Cuando salí de Cuba
Y llegué a La Habana, dejando atrás el pueblo y todas sus gentes buscando un futuro mejor que el que me negaba la tierra propia que me había visto nacer y que a pesar de todos mis pesares siempre llevaría en mi corazón.
Salí como tantos otros, joven muy joven sin apenas haber cumplido los 15 años y acompañado y siguiendo los consejos de mi propia madre, viuda desde hacía un par de años a la que la vida le daba una nueva oportunidad al otro lado del Atlántico.
Allí nos esperaba un tío materno que había probado fortuna años atrás y al que yo apenas reconocía si no por unas fotos en blanco y negro que colgaban en el salón de nuestra casa del pueblo.
Y desembarqué después de aquella larga travesía en una isla desconocida y que nunca y a pesar de los años que pasé en ella dejó de sorprenderme.
Mis ojos se asombraron de todo lo que veían, bullicio de gentes por todos los rincones de aquella próspera ciudad, gentes elegantes, casas coloniales pintadas de colores, comercios, negociantes, prosperidad y libertad de un pueblo que nos acogió a todos como verdaderos hermanos.

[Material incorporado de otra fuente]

(* For the name-generation monad $T$ on $[\mathsf{Inj},\mathsf{Set}]$, an object $X$ is sober if and only if it is a nominal set (i.e. the functor $X:\mathsf{Inj}\to\mathsf{Set}$ preserves pullbacks), and the associated sobrification monad $D$ is idempotent.
   Context: $\mathsf{Inj}$ is the category of finite sets and injections. $(TX)(a)=\operatorname{colim}_{b\in\mathsf{Inj}}X(a+b)$, with unit induced by $b=\emptyset$ and multiplication induced by $(a+b)+c\cong a+(b+c)$; a commutative monad on $[\mathsf{Inj},\mathsf{Set}]$. An object $X$ is sober for $T$ if $\eta_X:X\to TX$ is an equalizer of $\eta_{TX},T\eta_X:TX\to TTX$. $\theta_X:DX\to TX$ denotes the equalizer of $\eta_{TX},T\eta_X$; $D$ is a monad with $Dg$ the unique map with $\theta_Z\circ Dg=Tg\circ\theta_Y$, unit $e_X$ with $\theta_X\circ e_X=\eta_X$, and multiplication $m_X$ with $\theta_X\circ m_X=\mu_X\circ T\theta_X\circ\theta_{DX}$; idempotent means the multiplication is an isomorphism. *)

From Stdlib Require Import Relations ClassicalEpsilon.
From mathcomp Require Import all_boot.



(* The category Inj of finite sets and injections (skeleton: objects are   *)
(* natural numbers n, standing for the finite set 'I_n).                   *)

Record injm (m n : nat) := Injm { injfun :> 'I_m -> 'I_n ; injfunP : injective injfun }.
Arguments Injm {m n} injfun injfunP.
Arguments injfun {m n} _ _.
Arguments injfunP {m n} _ _ _ _.

Definition idm (a : nat) : injm a a := @Injm a a id (@inj_id _).

Definition compm {a b c : nat} (g : injm b c) (f : injm a b) : injm a c :=
  @Injm a c (injfun g \o injfun f) (inj_comp (@injfunP _ _ g) (@injfunP _ _ f)).

Definition sum_fun {a a' b b' : nat} (f : 'I_a -> 'I_a') (g : 'I_b -> 'I_b')
  (u : 'I_a + 'I_b) : 'I_a' + 'I_b' :=
  match u with inl i => inl (f i) | inr j => inr (g j) end.

Lemma sum_fun_inj {a a' b b' : nat} (f : injm a a') (g : injm b b') :
  injective (sum_fun f g).
Proof.
case=> [i|j] [i'|j'] //= [] E; congr (_ _); [exact: (injfunP f _ _ E)|exact: (injfunP g _ _ E)].
Qed.

Definition summ {a a' b b' : nat} (f : injm a a') (g : injm b b') :
  injm (a + b) (a' + b') :=
  @Injm (a + b) (a' + b') (unsplit \o sum_fun f g \o split)
    (inj_comp (can_inj unsplitK) (inj_comp (@sum_fun_inj a a' b b' f g) (can_inj splitK))).
(* Let $H \subset L$ be a commutative field extension, let $\alpha \in L$ and set $M = H(\alpha)$. Then, for all positive integers $r,s \le \dim_H M$, we have $\mu_{H,M}(r,s) \le r+s-1$.
   Context: For $H$-subspaces $A,B$ of $M$, $\langle AB\rangle$ denotes the $H$-subspace of $M$ spanned by the product set $AB=\{ab \mid a\in A, b\in B\}$. For positive integers $r,s \le \dim_H M$, $\mu_{H,M}(r,s)$ is the minimum of $\dim_H \langle AB\rangle$ over all $H$-subspaces $A,B$ of $M$ with $\dim_H A = r$ and $\dim_H B = s$. *)

From mathcomp Require Import all_boot all_order all_algebra.
Set Implicit Arguments. Unset Strict Implicit. Unset Printing Implicit Defensive.
Import GRing.Theory.
Local Open Scope ring_scope.

Definition is_subfield (L : fieldType) (H : L -> Prop) : Prop :=
  H 1 /\ (forall x y, H x -> H y -> H (x - y)) /\
  (forall x y, H x -> H y -> H (x * y)) /\ (forall x, H x -> H x^-1).

Definition genfield (L : fieldType) (H : L -> Prop) (alpha : L) : L -> Prop :=
  fun x => forall K : L -> Prop, is_subfield K ->
    (forall y, H y -> K y) -> K alpha -> K x.

Definition Hfree (L : fieldType) (H : L -> Prop) (n : nat) (v : 'I_n -> L) : Prop :=
  forall c : 'I_n -> L, (forall i, H (c i)) ->
    \sum_(i < n) c i * v i = 0 -> forall i, c i = 0.

Definition Hspan (L : fieldType) (H : L -> Prop) (S : L -> Prop) : L -> Prop :=
  fun x => exists n (c u : 'I_n -> L),
    (forall i, H (c i) /\ S (u i)) /\ x = \sum_(i < n) c i * u i.

Definition Hsubspace (L : fieldType) (H : L -> Prop) (A : L -> Prop) : Prop :=
  A 0 /\ (forall x y, A x -> A y -> A (x + y)) /\
  (forall c x, H c -> A x -> A (c * x)).

Definition Hdim_eq (L : fieldType) (H : L -> Prop) (A : L -> Prop) (n : nat) : Prop :=
  exists v : 'I_n -> L, Hfree H v /\
    forall x, A x <-> Hspan H (fun y => exists i, y = v i) x.

(* r <= dim_H M (dim_H M possibly infinite): M contains r H-independent elements. *)
Definition Hdim_ge (L : fieldType) (H : L -> Prop) (M : L -> Prop) (r : nat) : Prop :=
  exists v : 'I_r -> L, (forall i, M (v i)) /\ Hfree H v.

Definition prodset (L : fieldType) (A B : L -> Prop) : L -> Prop :=
  fun x => exists a b, A a /\ B b /\ x = a * b.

Las fábricas de telas, de sombreros, las tierras que no parecían tener fin, los bananeros, las plantaciones de cacao, la ganadería, el olor a tabaco y las habaneras que cantaban y alegraban las cálidas y calurosas noches de la Habana, mientras todos brindábamos con ron por la suerte de poder vivir en aquella tierra.
Frutas exóticas, mangos, aguacates, las guayabas, chirimoyas, las bananas y otras muchas crecían por todos los rincones, flores de mil colores que yo ni siquiera había podido imaginar, cosechas abundantes y un olor a café que impregnaba toda la isla.
Y en aquel puerto lleno de vida bajaban día tras día miles de personas que dejaban atrás España entre suspiros y lágrimas que el mar traía y llevaba y que rompía con fuerza contra el malecón. Allí empezaba para todos una nueva vida, una vida llena de oportunidades y de fortuna.
Y pronto me adapté a aquel nuevo paisaje, mis montes de Cabrera eran ahora playas de arenas blancas y de aguas cristalinas, mis largos inviernos eran aquí sol y calor durante todo el año y el sacrificio del trabajo pronto empezó a dar aquí sus frutos.
La mezcla de colores lo invadía todo, la mezcla de gentes, los europeos, los originarios, los de raza blanca, los de raza negra, los mulatos, todos convivían en un intercambio cultural constante.
Y pasaron los años agradeciendo siempre a Cuba y desde todos mis adentros y a sus gentes la vida que me habían hecho vivir, y con los años y como otros muchos gallegos como así nos llamaban, regresé a España.
Esa España dura que me había visto salir siendo apenas un niño y que parecía ahora empezar a respirar, me tenía de vuelta siendo ya un anciano que ansiaba volver de nuevo a las raíces de las que nunca me había desprendido y que nunca había podido olvidar.
España era la madre que uno nunca olvida pero Cuba, que ahora se sometía y se tambaleaba y que sentía tan mía, era ahora mi alma.
Con el corazón partido, encadenado entre dos pasiones y atrapado entre mis dos grandes amores salí de Cuba para no volver.